Estendendo a mão completamente, apanhou-a propositadamente pelo cabelo. Ela estava tão rígida como se fosse de cera. Os olhos pareciam querer sair-lhe das órbitas. Em redor, nem se ouvia a respiração das pessoas presentes.

A obsessão dramática da cena punha uma concordância de terror em todas as mentes, incluso nos mais enérgicos. Porque já ninguém duvidava de que era o próprio Windy Nelson que regressara do Além-Túmulo, que estava diante deles.

Acaso Julie Anderson não o demonstrava com a sua atitude? Acaso alguns não tinham presenciado como o «sheriff» o levava debaixo da ameaça da sua pistola até à prisão e, passados poucos minutos, se tinha apresentado tão tranquilamente no «Fancy»?

Rápido, propositadamente, Rich obrigou a rapariga a aproximar-se, inclinando-se sobre ela para a beijar.

—O beijo de um morto...

Tinha-o dito com a boca sobre os seus lábios. Apenas chegaram a roçar ao de leve os seus. E Julie ficou apanhando o cabelo. Tinha sido demasiado violento para ela, que tinha ganho grande fama de mulher de ânimo resoluto. Soltou-a e reparou como ficava exausta, encostada ao balcão.
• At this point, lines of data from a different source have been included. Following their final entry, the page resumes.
Section BanachLimits.
Variables (R : realType) (L : (nat -> R) -> R).
Hypothesis BL : BanachLimit L.
Implicit Types (s u : nat -> R).

Lemma bounded_real_seq_cst (c : R) : bounded_real_seq (fun=> c).
Proof. by exists `|c|. Qed.

Lemma bounded_real_seq_lin (a : R) s u : bounded_real_seq s -> bounded_real_seq u ->
  bounded_real_seq (fun k => a * s k + u k).
Proof.
move=> [M HM] [N HN]; exists (`|a| * M + N) => k.
by apply: le_trans (ler_normD _ _) _; rewrite normrM lerD // ler_wpM2l.
Qed.

Lemma bounded_real_seq_window_sum s p : bounded_real_seq s ->
  bounded_real_seq (fun l => \sum_(k < p) s (k + l)%N).
Proof.
move=> [M HM]; exists (\sum_(k < p) M) => l.
by apply: le_trans (ler_norm_sum _ _ _) _; apply: ler_sum => k _.
Qed.

Lemma BanachLimit0 : L (fun=> 0) = 0.
Proof.
have [lin _ _ _] := BL.
have := lin 1 _ _ (bounded_real_seq_cst 0) (bounded_real_seq_cst 0).
rewrite !mul1r addr0 => h.
by apply/esym/(@addrI _ (L (fun=> 0))); rewrite addr0 -h.
Qed.

Lemma BanachLimitZ a s : bounded_real_seq s -> L (fun k => a * s k) = a * L s.
Proof.
have [lin _ _ _] := BL => bs.
have := lin a s _ bs (bounded_real_seq_cst 0); rewrite BanachLimit0 addr0 => <-.
by congr L; apply: funext => k; rewrite addr0.
Qed.

Lemma BanachLimitD s u : bounded_real_seq s -> bounded_real_seq u ->
  L (fun k => s k + u k) = L s + L u.
Proof.
have [lin _ _ _] := BL => bs bu; have := lin 1 s u bs bu; rewrite mul1r => <-.
by congr L; apply: funext => k; rewrite mul1r.
Qed.

Lemma BanachLimit_cst c : L (fun=> c) = c.
Proof.
have [_ L1 _ _] := BL.
transitivity (L (fun k => c * (fun=> 1) k)).
  by congr L; apply: funext => k; rewrite mulr1.
by rewrite BanachLimitZ ?L1 ?mulr1 //; exact: bounded_real_seq_cst.
Qed.

Lemma BanachLimit_le s u : bounded_real_seq s -> bounded_real_seq u ->
  (forall k, s k <= u k) -> L s <= L u.
Proof.
have [lin _ pos _] := BL => bs bu su.
have := pos _ (bounded_real_seq_lin (-1) bs bu) (fun k => _ : 0 <= -1 * s k + u k).
rewrite lin // mulN1r addrC subr_ge0; apply => k.
by rewrite mulN1r addrC subr_ge0.
Qed.

Lemma BanachLimit_shiftn s j : bounded_real_seq s -> L (fun k => s (j + k)%N) = L s.
Proof.
have [_ _ _ shift] := BL => bs; elim: j => [|j IH]; first by congr L; apply: funext.
rewrite -IH -(shift (fun k => s (j + k)%N)); last by case: bs => M HM; exists M.
by congr L; apply: funext => k; rewrite addSnnS.
Qed.

Lemma BanachLimit_window_sum s p : bounded_real_seq s ->
  L (fun l => \sum_(k < p) s (k + l)%N) = p%:R * L s.
Proof.
move=> bs; elim: p => [|p IH].
  have -> : (fun l => \sum_(k < 0) s (k + l)%N) = fun=> 0.
    by apply: funext => l; rewrite big_ord0.
  by rewrite BanachLimit0 mul0r.
transitivity (L (fun l => \sum_(k < p) s (k + l)%N + s (p + l)%N)).
  by congr L; apply: funext => l; rewrite big_ord_recr.
rewrite BanachLimitD; [|exact: bounded_real_seq_window_sum|by case: bs => M HM; exists M].
by rewrite IH BanachLimit_shiftn // -addn1 natrD mulrDl mul1r.
Qed.

Lemma BanachLimit_window_avg s p : (0 < p)%N -> bounded_real_seq s ->
  L (fun l => window_avg s p l) = L s.
Proof.
move=> p0 bs; rewrite BanachLimitZ; last exact: bounded_real_seq_window_sum.
by rewrite BanachLimit_window_sum // mulKf // pnatr_eq0 -lt0n.
Qed.

(* [L s] is also the Banach limit of the window averages of length [p], which
   lie in [t - e, t + e] once [p] is large. *)
Lemma BanachLimit_window_cvg s t : bounded_real_seq s -> window_cvg s t -> L s = t.
Proof.
move=> bs HU.
have near_t e : 0 < e -> t - e <= L s <= t + e.
  move=> e0; have [N HN] := HU _ e0; pose p := maxn N 1.
  have hw l : t - e <= window_avg s p l <= t + e.
    by have := HN p (leq_maxl _ _) l; rewrite ltr_distl => /andP[/ltW -> /ltW ->].
  have bw : bounded_real_seq (fun l => window_avg s p l).
    by case: bs => M HM; exists M => l; apply: window_avg_bounded; rewrite ?leq_maxr.
  rewrite -(@BanachLimit_window_avg s p) ?leq_maxr //.
  rewrite -{1}[t - e]BanachLimit_cst -{1}[t + e]BanachLimit_cst.
  apply/andP; split.
    by apply: BanachLimit_le (bounded_real_seq_cst _) bw _ => l; have /andP[] := hw l.
  by apply: BanachLimit_le bw (bounded_real_seq_cst _) _ => l; have /andP[] := hw l.
apply/eqP; rewrite eq_le; apply/andP; split; apply/ler_addgt0Pr => e e0;
  have /andP[h1 h2] := near_t e e0; lra.
Qed.

End BanachLimits.

Section UltrafilterLimits.
Variables (R : realType) (G : set_system nat).
Hypothesis UG : UltraFilter G.

Lemma ultra_cvg_bounded (v : nat -> R) M : (forall j, `|v j| <= M) -> cvg (v @ G).
Proof.
move=> vM.
have vG : (v @ G) `[- M, M]%classic.
  by apply: (@filterE _ G) => j; rewrite /= in_itv /= -ler_norml.
have [q [_ clq]] := segment_compact _ vG.
apply/cvg_ex; exists q => U Uq.
have [//|GnU] := in_ultra_setVsetC (v @^-1` U) UG.
by have [z [nUz Uz]] := clq (~` U) U GnU Uq.
Qed.

Variables (p l : nat -> nat).
Hypothesis p_gt : forall j, (j < p j)%N.
Hypothesis G_infty : \oo `<=` G.

Let p_gt0 j : (0 < p j)%N := leq_ltn_trans (leq0n j) (p_gt j).

Let W (u : nat -> R) j := window_avg u (p j) (l j).

Let cvgW u : bounded_real_seq u -> W u @ G --> lim (W u @ G).
Proof. by move=> [M HM]; apply: (@ultra_cvg_bounded _ M) => j; exact: window_avg_bounded. Qed.

(* Shifting [u] moves each window average by at most [2M / p j], and [p j -> oo]. *)
Let cvgW_shift u : bounded_real_seq u -> W (fun k => u k.+1) j - W u j @[j --> G] --> 0.
Proof.
move=> [M HM]; have M0 : 0 <= M := le_trans (normr_ge0 _) (HM 0%N).
apply/cvgrPdist_lt => eps eps0; apply: G_infty.
near=> j; rewrite sub0r normrN /W window_avg_shift normrM ger0_norm ?invr_ge0 //.
rewrite ltr_pdivrMl ?ltr0n //; apply: le_lt_trans (ler_normB _ _) _.
apply: le_lt_trans (lerD (HM _) (HM _)) _.
rewrite -ltr_pdivrMr //; apply: (@le_lt_trans _ _ j%:R); last by rewrite ltr_nat p_gt.
near: j; exact: nbhs_infty_ger.
Unshelve. all: by end_near. Qed.

Lemma window_ultralimit_BanachLimit : BanachLimit (fun u => lim (W u @ G)).
Proof.
split.
- move=> a s u bs bu; apply: (cvg_lim (@Rhausdorff R)).
  have -> : W (fun k => a * s k + u k) = fun j => a * W s j + W u j.
    by apply: funext => j; rewrite /W window_avg_lin.
  by apply: cvgD; [exact: cvgMr (cvgW bs) | exact: cvgW bu].
- apply: (cvg_lim (@Rhausdorff R)); have -> : W (fun=> 1) = fun=> 1.
    by apply: funext => j; rewrite /W window_avg_cst.
  exact: cvg_cst.
- by move=> u bu u0; apply: limr_ge; [exact: cvgW | apply: filterE => j; exact: window_avg_ge0].
- move=> u bu; apply: (cvg_lim (@Rhausdorff R)).
  have -> : W (fun k => u k.+1) = fun j => (W (fun k => u k.+1) j - W u j) + W u j.
    by apply: funext => j; rewrite subrK.
  by rewrite -[lim _]add0r; apply: cvgD; [exact: cvgW_shift bu | exact: cvgW bu].
Qed.

End UltrafilterLimits.

Lemma almost_convergent_window_cvg (R : realType) (s : nat -> R) t :
  almost_convergent s t -> window_cvg s t.
Proof.
move=> [bs HL] e e0; apply: contrapT => hN.
have /choice [pl Hpl] : forall j, exists pl : nat * nat,
    (j < pl.1)%N /\ e <= `|window_avg s pl.1 pl.2 - t|.
  move=> j; apply: contrapT => hj; apply: hN; exists j.+1 => n jn l.
  by rewrite ltNge; apply/negP => le; apply: hj; exists (n, l).
have [G [UG sG]] : exists G : set_system nat, UltraFilter G /\ \oo `<=` G.
  exact: ultraFilterLemma.
have BL := @window_ultralimit_BanachLimit R G UG (fun j => (pl j).1) (fun j => (pl j).2) (fun j => (Hpl j).1) sG.
have [M HM] := bs.
have cvs : window_avg s (pl j).1 (pl j).2 @[j --> G] --> t.
  rewrite -(HL _ BL); apply: (@ultra_cvg_bounded _ _ UG _ M) => j.
  by apply: window_avg_bounded => //; exact: leq_ltn_trans (leq0n j) (Hpl j).1.
have /cvgrPdist_lt/(_ e e0)/filter_ex [j] := cvs.
by rewrite distrC; have := (Hpl j).2; lra.
Qed.

Lemma almost_convergentP (R : realType) (s : nat -> R) t :
  almost_convergent s t <-> bounded_real_seq s /\ window_cvg s t.
Proof.
split=> [ac|[bs HU]]; first by split; [case: ac | exact: almost_convergent_window_cvg].
by split=> // L BL; exact: BanachLimit_window_cvg.
Qed.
Uma rapariga soluçou e tapou a cara com as mãos. Alguém arrastou os pés, outro tossiu... Aquela tensão já se estava a tornar insuportável para muitos. Dominando-os a todos com o olhar, Nelson levantou a voz em tom vibrante e tranquilo:

— Se alguém quiser saber o que aconteceu ao «sheriff» e seu ajudante, encontrá-los-ão amarrados dentro duma cela. Vim trazer um aviso público a. «Killer» McCoy. Se vocês souberem por onde ele anda, digam--lhe que o espero aqui para lhe devolver a bala que ele no Verão passado me meteu no corpo. E que será muito melhor para ele vir. Já só tenho vinte e quatro horas de prazo. A seguir tenho de regressar ao sítio de onde vim. Mas se o faço sem ajustar primeiro as contas, dedicar-me-ei a atormentar McCoy todas as noites que ele tenha de vida. E contra isso não haverá esconderijo que o guarde. Agora vou-me embora. Agradecerei que fiquem aqui dentro tranquilos. Podem entreter-se a olhar para esse que me queria matar.

Assinalou o cadáver de Milner. Todos sentiram um calafrio percorrer-lhe a espinha. Não houve nenhum que sustivesse o olhar, e se os havia destemidos...

Ninguém o molestou durante o seu regresso ao hotel. Dodge ficava semeada de pânico sobrenatural naquela noite...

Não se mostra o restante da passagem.